(Dataset)
------
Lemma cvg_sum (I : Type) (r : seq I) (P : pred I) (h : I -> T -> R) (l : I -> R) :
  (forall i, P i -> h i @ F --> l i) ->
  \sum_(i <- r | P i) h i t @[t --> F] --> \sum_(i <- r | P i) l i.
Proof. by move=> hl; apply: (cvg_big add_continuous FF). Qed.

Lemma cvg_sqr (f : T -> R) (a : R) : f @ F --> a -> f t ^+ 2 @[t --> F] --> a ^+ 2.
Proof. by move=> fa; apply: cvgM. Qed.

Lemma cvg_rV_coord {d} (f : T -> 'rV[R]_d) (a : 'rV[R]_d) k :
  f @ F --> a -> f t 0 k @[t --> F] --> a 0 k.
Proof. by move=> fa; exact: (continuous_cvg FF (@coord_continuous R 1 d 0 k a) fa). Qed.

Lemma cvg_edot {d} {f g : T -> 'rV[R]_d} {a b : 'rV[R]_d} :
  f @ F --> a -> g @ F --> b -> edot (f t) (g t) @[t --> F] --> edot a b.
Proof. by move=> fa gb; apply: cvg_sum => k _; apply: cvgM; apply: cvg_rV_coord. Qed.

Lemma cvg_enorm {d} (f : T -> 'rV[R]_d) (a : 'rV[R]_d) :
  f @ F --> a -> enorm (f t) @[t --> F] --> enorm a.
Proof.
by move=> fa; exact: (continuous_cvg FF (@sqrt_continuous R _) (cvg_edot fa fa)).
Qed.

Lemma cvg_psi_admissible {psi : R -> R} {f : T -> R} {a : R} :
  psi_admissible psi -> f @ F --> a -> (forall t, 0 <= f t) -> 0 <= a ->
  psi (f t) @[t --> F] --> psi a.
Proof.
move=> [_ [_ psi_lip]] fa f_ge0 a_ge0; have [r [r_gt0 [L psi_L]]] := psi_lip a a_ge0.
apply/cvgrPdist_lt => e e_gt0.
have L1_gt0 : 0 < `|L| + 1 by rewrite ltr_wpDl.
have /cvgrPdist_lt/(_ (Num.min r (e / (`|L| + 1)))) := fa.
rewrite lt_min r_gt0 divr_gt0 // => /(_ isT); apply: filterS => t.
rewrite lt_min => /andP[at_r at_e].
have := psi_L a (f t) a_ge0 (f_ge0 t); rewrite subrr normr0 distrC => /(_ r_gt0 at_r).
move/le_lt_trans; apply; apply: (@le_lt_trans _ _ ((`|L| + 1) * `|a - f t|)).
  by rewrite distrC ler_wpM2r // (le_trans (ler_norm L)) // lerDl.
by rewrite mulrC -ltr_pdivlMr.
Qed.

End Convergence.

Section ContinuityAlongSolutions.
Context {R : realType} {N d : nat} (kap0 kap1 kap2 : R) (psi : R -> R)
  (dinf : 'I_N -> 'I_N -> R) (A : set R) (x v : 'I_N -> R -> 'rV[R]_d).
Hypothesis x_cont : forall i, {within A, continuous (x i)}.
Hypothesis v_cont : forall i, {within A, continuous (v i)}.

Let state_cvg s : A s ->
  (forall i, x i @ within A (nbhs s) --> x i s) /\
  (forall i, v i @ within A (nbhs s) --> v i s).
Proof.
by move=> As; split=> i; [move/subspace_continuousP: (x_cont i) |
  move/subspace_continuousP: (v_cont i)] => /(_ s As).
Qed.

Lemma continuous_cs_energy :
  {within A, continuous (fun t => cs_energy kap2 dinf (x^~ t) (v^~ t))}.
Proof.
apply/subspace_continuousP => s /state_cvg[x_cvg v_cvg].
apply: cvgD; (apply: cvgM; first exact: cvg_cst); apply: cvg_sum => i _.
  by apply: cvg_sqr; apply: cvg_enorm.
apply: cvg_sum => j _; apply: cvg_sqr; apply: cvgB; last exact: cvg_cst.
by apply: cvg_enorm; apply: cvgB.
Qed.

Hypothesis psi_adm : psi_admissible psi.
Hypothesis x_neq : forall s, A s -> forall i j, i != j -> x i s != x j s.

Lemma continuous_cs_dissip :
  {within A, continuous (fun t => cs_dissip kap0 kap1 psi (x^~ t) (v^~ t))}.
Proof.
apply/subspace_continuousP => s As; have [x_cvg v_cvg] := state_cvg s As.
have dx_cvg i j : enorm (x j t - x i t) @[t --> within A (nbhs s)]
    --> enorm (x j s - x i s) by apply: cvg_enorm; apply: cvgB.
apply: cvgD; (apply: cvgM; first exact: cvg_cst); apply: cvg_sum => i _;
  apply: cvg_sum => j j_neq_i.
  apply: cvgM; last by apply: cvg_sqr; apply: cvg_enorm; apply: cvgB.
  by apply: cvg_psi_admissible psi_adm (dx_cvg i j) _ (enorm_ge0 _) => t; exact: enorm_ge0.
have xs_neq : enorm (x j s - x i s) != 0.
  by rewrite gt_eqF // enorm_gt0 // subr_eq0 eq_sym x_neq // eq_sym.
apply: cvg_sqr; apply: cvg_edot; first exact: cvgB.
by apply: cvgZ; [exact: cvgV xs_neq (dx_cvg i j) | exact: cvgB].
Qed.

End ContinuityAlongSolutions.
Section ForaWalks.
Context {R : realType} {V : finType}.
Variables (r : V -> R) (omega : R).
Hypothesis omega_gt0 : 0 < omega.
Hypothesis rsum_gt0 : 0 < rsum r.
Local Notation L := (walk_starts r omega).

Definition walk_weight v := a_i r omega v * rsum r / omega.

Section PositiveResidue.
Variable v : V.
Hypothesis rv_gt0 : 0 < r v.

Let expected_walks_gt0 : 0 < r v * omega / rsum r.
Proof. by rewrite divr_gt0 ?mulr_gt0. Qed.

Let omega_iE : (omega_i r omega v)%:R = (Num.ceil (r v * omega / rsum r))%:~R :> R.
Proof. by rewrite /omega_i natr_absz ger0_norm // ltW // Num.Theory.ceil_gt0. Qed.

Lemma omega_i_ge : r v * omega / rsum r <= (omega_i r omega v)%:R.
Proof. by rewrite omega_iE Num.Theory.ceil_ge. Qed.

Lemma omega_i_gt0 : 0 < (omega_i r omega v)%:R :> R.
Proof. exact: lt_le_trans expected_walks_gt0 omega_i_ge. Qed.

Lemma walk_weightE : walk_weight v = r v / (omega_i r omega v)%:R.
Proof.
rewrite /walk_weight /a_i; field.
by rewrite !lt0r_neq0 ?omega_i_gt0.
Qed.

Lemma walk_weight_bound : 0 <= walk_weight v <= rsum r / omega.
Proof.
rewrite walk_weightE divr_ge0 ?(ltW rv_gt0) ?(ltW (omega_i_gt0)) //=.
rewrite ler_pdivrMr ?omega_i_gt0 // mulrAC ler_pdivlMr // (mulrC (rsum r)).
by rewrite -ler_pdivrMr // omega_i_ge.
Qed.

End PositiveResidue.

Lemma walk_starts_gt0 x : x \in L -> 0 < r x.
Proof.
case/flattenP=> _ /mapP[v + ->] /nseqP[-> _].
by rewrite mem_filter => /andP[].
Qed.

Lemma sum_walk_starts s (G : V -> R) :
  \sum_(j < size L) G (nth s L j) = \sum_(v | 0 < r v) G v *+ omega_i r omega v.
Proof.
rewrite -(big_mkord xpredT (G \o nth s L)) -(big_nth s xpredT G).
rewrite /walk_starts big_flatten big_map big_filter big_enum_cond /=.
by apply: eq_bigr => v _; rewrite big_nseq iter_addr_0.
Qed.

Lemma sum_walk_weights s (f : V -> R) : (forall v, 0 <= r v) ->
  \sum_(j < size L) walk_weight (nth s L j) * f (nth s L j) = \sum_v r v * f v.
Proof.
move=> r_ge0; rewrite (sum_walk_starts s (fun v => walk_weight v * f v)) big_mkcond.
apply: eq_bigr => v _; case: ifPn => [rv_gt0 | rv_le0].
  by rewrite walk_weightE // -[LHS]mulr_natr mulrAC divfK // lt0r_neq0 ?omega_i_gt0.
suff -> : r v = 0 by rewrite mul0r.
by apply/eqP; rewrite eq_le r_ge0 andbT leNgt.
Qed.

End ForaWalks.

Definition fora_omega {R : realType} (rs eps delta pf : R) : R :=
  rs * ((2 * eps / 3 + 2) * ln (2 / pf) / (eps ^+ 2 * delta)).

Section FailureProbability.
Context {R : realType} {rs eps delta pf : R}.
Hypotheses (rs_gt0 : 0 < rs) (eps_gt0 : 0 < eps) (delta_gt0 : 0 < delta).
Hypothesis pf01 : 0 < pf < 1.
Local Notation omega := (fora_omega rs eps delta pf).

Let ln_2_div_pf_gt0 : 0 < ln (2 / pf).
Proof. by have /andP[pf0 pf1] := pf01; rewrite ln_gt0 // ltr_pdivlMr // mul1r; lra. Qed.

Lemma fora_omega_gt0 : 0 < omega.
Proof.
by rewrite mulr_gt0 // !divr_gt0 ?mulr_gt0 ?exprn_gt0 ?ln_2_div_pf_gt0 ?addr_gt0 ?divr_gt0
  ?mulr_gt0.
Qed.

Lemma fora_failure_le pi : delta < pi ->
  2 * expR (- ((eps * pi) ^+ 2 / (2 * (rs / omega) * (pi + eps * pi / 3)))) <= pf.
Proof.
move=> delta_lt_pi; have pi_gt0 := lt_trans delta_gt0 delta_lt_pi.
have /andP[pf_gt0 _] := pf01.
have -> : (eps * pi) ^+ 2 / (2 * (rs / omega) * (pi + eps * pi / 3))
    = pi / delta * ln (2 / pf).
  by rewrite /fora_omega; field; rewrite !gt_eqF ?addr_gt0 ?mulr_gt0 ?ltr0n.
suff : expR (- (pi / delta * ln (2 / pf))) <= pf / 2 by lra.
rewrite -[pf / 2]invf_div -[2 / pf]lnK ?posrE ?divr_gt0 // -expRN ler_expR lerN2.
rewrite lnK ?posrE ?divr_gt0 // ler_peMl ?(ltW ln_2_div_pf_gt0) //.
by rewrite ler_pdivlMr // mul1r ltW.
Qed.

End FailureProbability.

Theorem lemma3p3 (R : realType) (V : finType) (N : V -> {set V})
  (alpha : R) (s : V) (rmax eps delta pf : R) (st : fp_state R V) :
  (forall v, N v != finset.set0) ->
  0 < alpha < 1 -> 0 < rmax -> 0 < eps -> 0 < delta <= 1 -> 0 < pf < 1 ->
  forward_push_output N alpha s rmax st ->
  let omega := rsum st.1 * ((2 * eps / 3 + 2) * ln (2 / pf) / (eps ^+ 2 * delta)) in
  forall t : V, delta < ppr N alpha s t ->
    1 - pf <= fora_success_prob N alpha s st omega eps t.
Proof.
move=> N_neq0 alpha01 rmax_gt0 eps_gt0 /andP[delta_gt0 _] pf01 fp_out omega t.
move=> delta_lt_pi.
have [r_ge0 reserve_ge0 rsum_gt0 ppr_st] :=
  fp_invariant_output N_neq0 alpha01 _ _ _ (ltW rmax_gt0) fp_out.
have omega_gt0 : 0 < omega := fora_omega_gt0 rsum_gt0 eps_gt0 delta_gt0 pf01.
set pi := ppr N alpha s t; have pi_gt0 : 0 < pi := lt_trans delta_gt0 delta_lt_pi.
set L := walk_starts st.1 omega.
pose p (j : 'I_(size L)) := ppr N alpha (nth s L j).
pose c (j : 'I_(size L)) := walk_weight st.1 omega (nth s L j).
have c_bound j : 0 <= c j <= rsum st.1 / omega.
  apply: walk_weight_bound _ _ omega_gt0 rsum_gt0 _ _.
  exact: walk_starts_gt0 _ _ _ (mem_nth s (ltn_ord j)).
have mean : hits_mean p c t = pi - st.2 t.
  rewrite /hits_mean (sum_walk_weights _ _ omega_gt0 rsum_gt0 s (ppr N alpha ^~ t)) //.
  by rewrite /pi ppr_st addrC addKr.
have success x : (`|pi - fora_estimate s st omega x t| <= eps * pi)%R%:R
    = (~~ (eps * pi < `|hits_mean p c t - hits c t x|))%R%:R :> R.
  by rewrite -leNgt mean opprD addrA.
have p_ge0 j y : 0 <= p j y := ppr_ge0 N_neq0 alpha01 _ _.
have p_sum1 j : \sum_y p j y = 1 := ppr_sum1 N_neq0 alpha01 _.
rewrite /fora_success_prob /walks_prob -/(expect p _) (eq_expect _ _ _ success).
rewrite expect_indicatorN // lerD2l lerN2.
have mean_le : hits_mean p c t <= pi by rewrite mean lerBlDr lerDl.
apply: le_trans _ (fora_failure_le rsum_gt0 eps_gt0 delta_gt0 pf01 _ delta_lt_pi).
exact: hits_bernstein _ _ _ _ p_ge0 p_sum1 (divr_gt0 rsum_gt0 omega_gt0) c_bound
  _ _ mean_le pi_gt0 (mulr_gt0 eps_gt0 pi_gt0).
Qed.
------
(The task) Transcribe each line of the data above, unaltered, from the one where "by rewrite distrC" appears to the one where "by apply: cvg_sqr; apply: cvg_enorm." appears, inclusive of both.

(Answer)
  by rewrite distrC ler_wpM2r // (le_trans (ler_norm L)) // lerDl.
by rewrite mulrC -ltr_pdivlMr.
Qed.

End Convergence.

Section ContinuityAlongSolutions.
Context {R : realType} {N d : nat} (kap0 kap1 kap2 : R) (psi : R -> R)
  (dinf : 'I_N -> 'I_N -> R) (A : set R) (x v : 'I_N -> R -> 'rV[R]_d).
Hypothesis x_cont : forall i, {within A, continuous (x i)}.
Hypothesis v_cont : forall i, {within A, continuous (v i)}.

Let state_cvg s : A s ->
  (forall i, x i @ within A (nbhs s) --> x i s) /\
  (forall i, v i @ within A (nbhs s) --> v i s).
Proof.
by move=> As; split=> i; [move/subspace_continuousP: (x_cont i) |
  move/subspace_continuousP: (v_cont i)] => /(_ s As).
Qed.

Lemma continuous_cs_energy :
  {within A, continuous (fun t => cs_energy kap2 dinf (x^~ t) (v^~ t))}.
Proof.
apply/subspace_continuousP => s /state_cvg[x_cvg v_cvg].
apply: cvgD; (apply: cvgM; first exact: cvg_cst); apply: cvg_sum => i _.
  by apply: cvg_sqr; apply: cvg_enorm.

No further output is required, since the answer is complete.